Your task.
Read the records beneath this task and copy every line that contains the string "ltnW".

Stored data entries.
========================================

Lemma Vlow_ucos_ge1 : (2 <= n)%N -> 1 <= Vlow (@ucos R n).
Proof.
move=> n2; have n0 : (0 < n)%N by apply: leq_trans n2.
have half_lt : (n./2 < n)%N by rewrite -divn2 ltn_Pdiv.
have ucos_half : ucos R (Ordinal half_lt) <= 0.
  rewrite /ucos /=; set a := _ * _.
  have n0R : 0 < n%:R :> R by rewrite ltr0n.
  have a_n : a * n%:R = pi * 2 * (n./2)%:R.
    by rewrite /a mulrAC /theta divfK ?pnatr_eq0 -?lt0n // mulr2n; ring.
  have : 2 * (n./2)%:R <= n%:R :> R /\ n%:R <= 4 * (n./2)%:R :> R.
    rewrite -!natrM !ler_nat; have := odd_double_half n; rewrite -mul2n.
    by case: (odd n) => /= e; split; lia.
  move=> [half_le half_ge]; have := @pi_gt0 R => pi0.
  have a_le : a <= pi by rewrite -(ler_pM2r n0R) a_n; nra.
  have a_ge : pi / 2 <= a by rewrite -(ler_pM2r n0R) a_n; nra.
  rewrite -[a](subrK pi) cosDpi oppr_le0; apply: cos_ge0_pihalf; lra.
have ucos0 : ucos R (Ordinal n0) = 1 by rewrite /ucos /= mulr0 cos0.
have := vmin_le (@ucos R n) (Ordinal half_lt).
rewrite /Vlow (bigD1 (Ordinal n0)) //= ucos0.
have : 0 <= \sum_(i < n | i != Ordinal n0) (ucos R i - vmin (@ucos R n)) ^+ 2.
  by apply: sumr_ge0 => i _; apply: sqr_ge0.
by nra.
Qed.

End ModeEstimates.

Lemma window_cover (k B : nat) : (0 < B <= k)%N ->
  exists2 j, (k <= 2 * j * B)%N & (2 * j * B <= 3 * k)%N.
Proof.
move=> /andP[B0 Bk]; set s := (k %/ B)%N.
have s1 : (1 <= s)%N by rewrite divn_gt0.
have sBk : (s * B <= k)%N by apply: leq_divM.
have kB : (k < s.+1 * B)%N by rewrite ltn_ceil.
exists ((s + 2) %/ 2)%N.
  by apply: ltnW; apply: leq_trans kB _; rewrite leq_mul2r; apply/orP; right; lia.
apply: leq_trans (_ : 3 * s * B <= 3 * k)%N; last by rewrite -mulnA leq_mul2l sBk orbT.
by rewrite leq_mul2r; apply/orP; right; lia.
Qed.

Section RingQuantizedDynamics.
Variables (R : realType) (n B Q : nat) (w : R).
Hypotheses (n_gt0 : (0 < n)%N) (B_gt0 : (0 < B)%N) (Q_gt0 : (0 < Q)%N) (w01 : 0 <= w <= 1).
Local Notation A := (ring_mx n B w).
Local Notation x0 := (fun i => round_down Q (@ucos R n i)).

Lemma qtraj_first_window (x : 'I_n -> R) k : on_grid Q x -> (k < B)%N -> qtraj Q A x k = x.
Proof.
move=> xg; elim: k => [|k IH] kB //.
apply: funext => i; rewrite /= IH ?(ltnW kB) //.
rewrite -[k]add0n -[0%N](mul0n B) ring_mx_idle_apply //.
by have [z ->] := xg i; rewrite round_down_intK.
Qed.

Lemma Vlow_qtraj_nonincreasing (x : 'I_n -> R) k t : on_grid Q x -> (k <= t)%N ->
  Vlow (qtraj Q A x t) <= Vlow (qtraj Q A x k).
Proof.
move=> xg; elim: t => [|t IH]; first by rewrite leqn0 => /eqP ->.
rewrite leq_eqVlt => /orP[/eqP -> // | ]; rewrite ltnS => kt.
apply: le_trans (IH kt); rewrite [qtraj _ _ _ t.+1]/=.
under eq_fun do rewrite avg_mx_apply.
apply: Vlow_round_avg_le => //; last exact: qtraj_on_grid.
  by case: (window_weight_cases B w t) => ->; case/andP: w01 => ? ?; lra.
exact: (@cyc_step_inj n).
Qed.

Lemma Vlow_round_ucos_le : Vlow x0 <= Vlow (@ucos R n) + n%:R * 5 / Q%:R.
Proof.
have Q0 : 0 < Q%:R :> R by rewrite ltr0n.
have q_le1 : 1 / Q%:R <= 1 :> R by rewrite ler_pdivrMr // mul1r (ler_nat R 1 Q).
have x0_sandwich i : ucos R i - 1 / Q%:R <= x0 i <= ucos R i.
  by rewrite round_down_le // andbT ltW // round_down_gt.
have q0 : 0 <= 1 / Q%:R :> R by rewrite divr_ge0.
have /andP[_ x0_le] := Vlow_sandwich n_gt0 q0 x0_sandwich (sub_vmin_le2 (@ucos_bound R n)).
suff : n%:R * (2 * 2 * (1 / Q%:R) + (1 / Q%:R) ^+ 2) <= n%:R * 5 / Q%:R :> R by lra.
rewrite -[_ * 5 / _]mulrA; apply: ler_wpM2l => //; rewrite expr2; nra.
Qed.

========================================

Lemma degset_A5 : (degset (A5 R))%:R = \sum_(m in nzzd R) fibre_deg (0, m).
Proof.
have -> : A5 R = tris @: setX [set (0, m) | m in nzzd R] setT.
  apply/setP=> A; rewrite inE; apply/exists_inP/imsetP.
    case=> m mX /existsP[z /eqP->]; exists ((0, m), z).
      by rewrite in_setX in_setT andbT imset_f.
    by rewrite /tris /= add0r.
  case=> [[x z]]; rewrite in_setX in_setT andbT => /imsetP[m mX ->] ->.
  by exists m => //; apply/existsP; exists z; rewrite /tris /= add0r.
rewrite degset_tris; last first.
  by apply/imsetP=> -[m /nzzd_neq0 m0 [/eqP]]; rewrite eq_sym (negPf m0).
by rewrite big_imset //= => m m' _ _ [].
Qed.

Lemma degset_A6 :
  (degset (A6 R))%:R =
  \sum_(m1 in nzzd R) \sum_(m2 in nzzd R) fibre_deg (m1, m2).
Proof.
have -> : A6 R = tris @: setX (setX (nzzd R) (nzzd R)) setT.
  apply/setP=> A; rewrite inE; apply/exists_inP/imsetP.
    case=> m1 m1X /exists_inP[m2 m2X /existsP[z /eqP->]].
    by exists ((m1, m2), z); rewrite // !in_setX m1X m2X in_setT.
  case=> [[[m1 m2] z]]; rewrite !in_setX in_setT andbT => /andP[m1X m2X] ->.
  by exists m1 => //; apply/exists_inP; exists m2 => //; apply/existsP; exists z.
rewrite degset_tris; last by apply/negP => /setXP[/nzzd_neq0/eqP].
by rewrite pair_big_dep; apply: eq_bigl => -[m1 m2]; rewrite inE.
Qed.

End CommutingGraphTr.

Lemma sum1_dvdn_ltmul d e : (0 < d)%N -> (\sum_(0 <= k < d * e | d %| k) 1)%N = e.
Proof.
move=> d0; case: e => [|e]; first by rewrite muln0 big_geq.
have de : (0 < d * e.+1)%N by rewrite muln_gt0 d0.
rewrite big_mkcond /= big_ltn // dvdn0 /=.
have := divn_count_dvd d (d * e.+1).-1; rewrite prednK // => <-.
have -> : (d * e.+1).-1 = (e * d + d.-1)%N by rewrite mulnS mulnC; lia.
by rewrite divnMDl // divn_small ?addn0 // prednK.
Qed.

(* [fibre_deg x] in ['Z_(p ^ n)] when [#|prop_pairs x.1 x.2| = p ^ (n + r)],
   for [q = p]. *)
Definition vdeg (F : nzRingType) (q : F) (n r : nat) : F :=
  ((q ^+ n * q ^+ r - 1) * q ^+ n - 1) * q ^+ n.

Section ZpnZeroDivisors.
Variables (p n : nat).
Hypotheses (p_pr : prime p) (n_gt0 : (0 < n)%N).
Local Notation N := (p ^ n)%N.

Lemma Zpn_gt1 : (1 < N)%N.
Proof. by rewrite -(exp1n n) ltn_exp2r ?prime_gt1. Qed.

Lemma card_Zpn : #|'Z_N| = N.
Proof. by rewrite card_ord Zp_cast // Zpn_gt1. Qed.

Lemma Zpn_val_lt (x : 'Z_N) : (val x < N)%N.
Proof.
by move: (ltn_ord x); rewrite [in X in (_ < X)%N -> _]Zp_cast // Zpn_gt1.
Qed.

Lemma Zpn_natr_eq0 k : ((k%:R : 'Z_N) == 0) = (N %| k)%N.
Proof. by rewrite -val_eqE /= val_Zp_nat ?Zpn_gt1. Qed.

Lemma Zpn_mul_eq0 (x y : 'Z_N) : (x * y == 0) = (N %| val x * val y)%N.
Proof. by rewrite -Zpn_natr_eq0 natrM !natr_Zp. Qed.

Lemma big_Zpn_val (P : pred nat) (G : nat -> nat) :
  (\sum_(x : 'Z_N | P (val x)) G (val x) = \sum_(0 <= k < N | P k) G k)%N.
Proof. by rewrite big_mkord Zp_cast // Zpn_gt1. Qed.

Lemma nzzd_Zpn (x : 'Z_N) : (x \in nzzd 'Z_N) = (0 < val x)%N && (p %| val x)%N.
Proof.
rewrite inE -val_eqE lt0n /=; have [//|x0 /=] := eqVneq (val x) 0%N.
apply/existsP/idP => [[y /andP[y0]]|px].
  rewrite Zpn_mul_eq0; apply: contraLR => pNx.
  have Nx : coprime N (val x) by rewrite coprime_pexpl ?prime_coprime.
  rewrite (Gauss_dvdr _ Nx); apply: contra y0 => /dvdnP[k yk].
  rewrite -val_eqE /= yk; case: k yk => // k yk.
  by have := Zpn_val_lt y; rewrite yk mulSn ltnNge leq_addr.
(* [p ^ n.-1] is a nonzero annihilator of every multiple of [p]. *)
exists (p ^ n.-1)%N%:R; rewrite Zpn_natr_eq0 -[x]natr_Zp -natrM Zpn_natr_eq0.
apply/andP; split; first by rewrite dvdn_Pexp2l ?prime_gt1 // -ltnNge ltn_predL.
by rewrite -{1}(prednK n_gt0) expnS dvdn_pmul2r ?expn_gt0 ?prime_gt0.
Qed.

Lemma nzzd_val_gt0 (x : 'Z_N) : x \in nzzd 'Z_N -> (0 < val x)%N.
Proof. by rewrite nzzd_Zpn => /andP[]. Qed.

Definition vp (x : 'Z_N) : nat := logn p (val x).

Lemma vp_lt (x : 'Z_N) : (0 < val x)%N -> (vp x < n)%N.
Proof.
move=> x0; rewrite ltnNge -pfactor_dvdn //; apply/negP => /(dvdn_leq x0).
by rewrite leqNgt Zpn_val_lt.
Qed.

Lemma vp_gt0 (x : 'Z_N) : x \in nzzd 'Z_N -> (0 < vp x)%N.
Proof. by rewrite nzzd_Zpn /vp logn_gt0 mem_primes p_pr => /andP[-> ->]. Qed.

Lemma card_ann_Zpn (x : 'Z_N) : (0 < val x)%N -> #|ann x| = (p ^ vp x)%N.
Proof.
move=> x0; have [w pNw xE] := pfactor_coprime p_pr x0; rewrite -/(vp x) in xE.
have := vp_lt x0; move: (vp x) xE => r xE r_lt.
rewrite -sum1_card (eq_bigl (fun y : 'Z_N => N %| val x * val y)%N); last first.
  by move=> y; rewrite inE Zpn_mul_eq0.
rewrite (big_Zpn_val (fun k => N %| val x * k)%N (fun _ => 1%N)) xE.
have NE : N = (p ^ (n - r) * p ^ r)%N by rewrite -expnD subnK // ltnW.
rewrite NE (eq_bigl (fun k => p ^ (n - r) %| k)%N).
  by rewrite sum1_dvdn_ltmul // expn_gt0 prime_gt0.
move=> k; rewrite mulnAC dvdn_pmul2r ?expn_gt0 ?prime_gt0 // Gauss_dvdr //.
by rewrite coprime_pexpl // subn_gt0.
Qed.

========================================

Solved problem.
  by apply: ltnW; apply: leq_trans kB _; rewrite leq_mul2r; apply/orP; right; lia.
apply: funext => i; rewrite /= IH ?(ltnW kB) //.
have NE : N = (p ^ (n - r) * p ^ r)%N by rewrite -expnD subnK // ltnW.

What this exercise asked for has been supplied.